Will Asia Go Big In Biosimilars Adoption And Manufacturing?
By Zafar Momin, Calvin Wijaya, and Paul Bernardo, L.E.K. Consulting
Since 1984 when U.S. regulations favoring adoption of generics were enacted, the global generics market has grown to account for roughly 38% of global pharmaceutical spending and this portion is expected to increase to 43% in the next five years.1 Will biosimilars follow the generics trajectory in the next few decades?
While the biosimilars market is still in its early years, many industry watchers expect it to grow faster than all other pharma segments.

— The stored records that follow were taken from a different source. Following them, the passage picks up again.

Lemma closure_net (A : set X) (a0 : X) (e : R) :
  separable_metric d -> A a0 -> 0 < e -> exists b : nat -> X,
    (forall i, A (b i)) /\ forall x, d_closure d A x -> exists i, d x (b i) < e.
Proof.
move=> sep Aa0 e0; have [s sdense] := separable_seq sep a0.
have e4 : 0 < e / 4 by rewrite divr_gt0.
pose b i := if pselect (exists2 y, A y & d (s i) y < e / 2) is left h
  then projT1 (cid2 h) else a0.
exists b; split => [i|x Ax].
  by rewrite /b; case: pselect => // h; case: cid2.
have [y [Ay xy]] := Ax _ e4; have [i xi] := sdense x _ e4.
exists i; rewrite /b; case: pselect => [h|[]]; last first.
  exists y => //; have := metric_triangle (s i) x y.
  by rewrite (metric_sym (s i) x); lra.
by case: cid2 => z _ iz /=; have := metric_triangle x (s i) z; lra.
Qed.

Lemma measurable_select (A : set X) (a0 : X) (b : nat -> X) (e : R) (u : R -> X) :
  A a0 -> (forall i, A (b i)) -> MX d u ->
  exists v : R -> X, [/\ MX d v, forall t, A (v t) &
    forall t, (exists i, d (u t) (b i) < e) -> d (u t) (v t) < e].
Proof.
move=> Aa0 bA mu0.
pose k t := if pselect (exists i, d (u t) (b i) < e) is left h
  then (ex_minn h).+1 else 0%N.
pose b' i := if i is j.+1 then b j else a0.
pose B j := I `&` [set t | d (u t) (b j) < e].
have mB j : measurable (B j) by exact: mu0 _ (d_open_ball _ _).
exists (b' \o k); split.
- apply: MX_comp_nat => -[|i].
  + have -> : I `&` k @^-1` [set 0%N] = I `\` \bigcup_j B j.
      apply/seteqP; split => t [It]; rewrite /k /=.
        by case: pselect => // nB _; split => // -[j _ [_ Bj]]; apply: nB; exists j.
      by case: pselect => // -[j Bj] nB; exfalso; apply: nB; exists j.
    by apply: measurableD; [exact: measurable_I01|exact: bigcupT_measurable].
  + have -> : I `&` k @^-1` [set i.+1] =
        B i `\` \bigcup_(j in [set j | (j < i)%N]) B j.
      apply/seteqP; split => t /=; rewrite /k.
        case: pselect => [h [It /succn_inj/ex_minnE[Bi minB]]|_ [_ //]].
        by split=> // -[j ji [_ Bj]]; move: (minB j ji); rewrite Bj.
      move=> [[It Bi] nB]; split => //; case: pselect => [h|[]]; last by exists i.
      congr S; apply/ex_minnE; split => // j ji; apply/negP => Bj.
      by apply: nB; exists j => //; split.
    by apply: measurableD => //; exact: bigcup_measurable.
- by move=> t; rewrite /= /k; case: pselect => // h; exact: bA.
- by move=> t ub; rewrite /= /k; case: pselect => // h; case: ex_minnP.
Qed.

Lemma MA_closure_sub_M_closure (A : set X) (u : R -> X) : separable_metric d ->
  MA d (d_closure d A) u -> M_closure d (MA d A) u.
Proof.
move=> sep [mu0 [w [_ [wC /ae_eq01_eq[N [mN N0 uw]]]]]]; split => // e e0.
have [a0 Aa0] : exists a0, A a0 by have [y [Ay _]] := wC 0 I01_0 1 ltr01; exists y.
have e2 : 0 < e / 2 by rewrite divr_gt0.
have [b [bA bnet]] := @closure_net A a0 _ sep Aa0 e2.
have [v [mv vA uv]] := @measurable_select A a0 b (e / 2) u Aa0 bA mu0.
exists v; split.
  by split => //; exists v; split => //; split => //; exact: ae_eq01_refl.
apply: le_lt_trans (@Mdist_le_ae u v N (e / 2) mN N0 (ltW e2) _) _; last lra.
by move=> t It Nt; apply/ltW/uv; rewrite uw //; exact: bnet (wC t It).
Qed.

End BoundedMetric.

With biologics accounting for almost a quarter of global pharmaceutical sales, the expiration of their patents will pave the way for intense biosimilar competition. Who will leverage the fast-growth potential of biosimilars?

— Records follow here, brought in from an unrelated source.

Lemma Fup_eq1_of_windows s : has_long_windows (close s) -> Fup d f x y s = 1%E.
Proof.
move=> windows; apply: limn_esup_ratio_eq1 => [n|K B]; first exact: xi_le.
have [N [M [BM KNM closeNM]]] := windows K.+1 B.
have NM : (N <= M)%N by apply: leq_trans (ltnW KNM); rewrite leq_pmull.
exists N, M; split=> //; last exact: xi_ge_window.
by apply: leq_ltn_trans KNM; rewrite leq_mul2r leqnSn orbT.
Qed.

Lemma Flow_eq0_of_windows t : has_long_windows (fun i => ~ close t i) -> Flow d f x y t = 0%E.
Proof.
move=> windows; apply: limn_einf_ratio_eq0 => K B.
have [N [M [BM KNM farNM]]] := windows K.+1 B.
have NM : (N <= M)%N by apply: leq_trans (ltnW KNM); rewrite leq_pmull.
exists N, M; split=> //; last exact: xi_le_window.
by apply: leq_ltn_trans KNM; rewrite leq_mul2r leqnSn orbT.
Qed.

End Frequencies.

Section Construction.
Local Open Scope nat_scope.
Variables (X : finType) (G : countType) (phi : G -> G).
Hypothesis phi_inj : injective phi.
Hypothesis phi_aperiodic : forall a n, 0 < n -> iter n phi a <> a.

Lemma eventually_avoids b b' : exists L, forall j, L <= j -> iter j phi b != b'.
Proof.
have [[j0 hit]|never] := pselect (exists j0, iter j0 phi b = b'); last first.
  by exists 0 => j _; apply/eqP => hit; apply: never; exists j.
exists j0.+1 => j j0j; apply/eqP => hit'.
apply: (@phi_aperiodic b' (j - j0)); first by rewrite subn_gt0.
by rewrite -{1}hit -iterD subnK // ltnW.
Qed.

Lemma separation_exists (S : seq G) :
  exists L, forall j b b', L <= j -> b \in S -> b' \in S -> iter j phi b != b'.
Proof.
pose avoid p := sval (cid (eventually_avoids p.1 p.2)).
exists (\max_(p <- [seq (b, b') | b <- S, b' <- S]) avoid p) => j b b' Lj bS b'S.
apply: (svalP (cid (eventually_avoids b b'))).
apply: leq_trans Lj.
by apply: (@leq_bigmax_seq _ _ _ avoid (b, b')) => //; apply: allpairs_f.
Qed.

Definition separation_time k := sval (cid (separation_exists (init_elems G k))).

Lemma separation_timeP {k j b b'} : separation_time k <= j ->
  b \in init_elems G k -> b' \in init_elems G k -> iter j phi b != b'.
Proof. exact: svalP (cid (separation_exists (init_elems G k))) j b b'. Qed.

Fixpoint start k :=
  if k is k'.+1 then (k * start k').+1 + separation_time k + k else separation_time 0.
Definition stop k := (k.+1 * start k).+1.

Lemma separation_time_le_start k : separation_time k <= start k.
Proof. by case: k => [//|k] /=; rewrite -addnA addnCA leq_addr. Qed.

Lemma le_start k : k <= start k.
Proof. by case: k => [//|k] /=; rewrite leq_addl. Qed.

Lemma start_lt_stop k : start k < stop k.
Proof. by rewrite /stop ltnS leq_pmull. Qed.

Lemma stop_separation_le_start {k k'} : k < k' -> stop k + separation_time k' <= start k'.
Proof.
elim: k' => [//|k' IHk']; rewrite ltnS leq_eqVlt => /orP[/eqP->|kk'] /=.
  by rewrite leq_addr.
apply: leq_trans (leq_addr _ _); rewrite leq_add2r.
apply: leq_trans (ltnW (start_lt_stop k')); apply: leq_trans (IHk' kk').
by rewrite leq_addr.
Qed.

Historically, Asia has led in generics adoption with approximately 40% of global generics spending coming from this region.2 With more than 300 biosimilars under development in Asia,3 could the region position itself as the center for global biosimilars manufacturing and adoption?
In this Executive Insights, L.E.K. Consulting analyzes how the biosimilars industry could evolve in Asia, examining the industry growth drivers, enablers and challenges it will likely face and how industry players can ride the growth waves.
Growth Drivers
Generics represent 55% of pharma spend in Asia, due to availability and cost-effectiveness. Similarly, the growth of the biosimilar industry will be driven by the following factors:
- Biologics patent expirations. With an estimated US$64B worth of global biologics sales at risk due to patent expirations by 2020, the biosimilars industry is expected to post a double-digit CAGR of 15% (see Figure 1). Furthermore, an additional US$36B worth of biologics will go off patent between 2020 and 2030, fueling R&D activity for the third and fourth wave of biosimilars.

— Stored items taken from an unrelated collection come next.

From HB Require Import structures.
From mathcomp Require Import all_boot all_order all_algebra.
From mathcomp Require Import all_classical all_reals all_analysis.
From mathcomp Require Import ring lra.
Import Order.TTheory GRing.Theory Num.Theory.
Local Open Scope ring_scope.

(* Write P = W_{x^n}, Q = W_{x'^n} and c = 2^(2 delta sqrt n) 2^(H(P) - H(Q)).
   On the typical set of P, a y^n whose surprisal satisfies
   log Q(y^n) + H(Q) <= delta sqrt n has Q(y^n) <= c P(y^n), hence
   Q(y^n) <= (1 + c) min(P, Q)(y^n); these y^n carry Q-mass at most
   (1 + c) (1 - ||P - Q||_1 / 2) <= eps (1 + c).  The other y^n lie in the upper
   tail of the centred surprisal, a sum of n independent terms whose second
   moments are at most 12 ln^2 max(|Y|, 3); Chernoff's bound gives them Q-mass at
   most exp(-delta^2 ln^2 2 / (48 ln^2 max(|Y|, 3))) <= 2^(-delta^2 / 36 K(|Y|)). *)

Lemma minr_normE {R : realFieldType} (x y : R) : Num.min x y = (x + y - `|x - y|) / 2.
Proof. by case: lerP => _; field. Qed.

Lemma le_mul1D_min {R : realFieldType} (c p q : R) : 0 <= c -> 0 <= p -> 0 <= q ->
  q <= c * p -> q <= (1 + c) * Num.min p q.
Proof.
move=> c_ge0 p_ge0 q_ge0; have := mulr_ge0 c_ge0 q_ge0.
by case: (lerP p q) => _; rewrite mulrDl mul1r; lra.
Qed.

Section RealBounds.
Context {R : realType}.
Implicit Types a b u w x y M : R.

Lemma powR2E x : powR 2 x = expR (x * ln 2).
Proof. by rewrite /powR pnatr_eq0. Qed.

Lemma ln2_gt0 : 0 < ln (2 : R).
Proof. by rewrite ln_gt0 // ltr1n. Qed.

- Patient demographics. With 60% of the global population based in Asia, the potential demand for biosimilars there is expected to be higher than in any other geographic region. Rising urbanization, an increasingly aging population and lifestyle changes in Asia have also led to the growing incidence of non-communicable diseases such as cancer, diabetes and auto-immune disorders. Figure 2 lists a selection of biologics for non-communicable diseases and the addressable Asian patient populations, excluding respondents to small molecule therapies.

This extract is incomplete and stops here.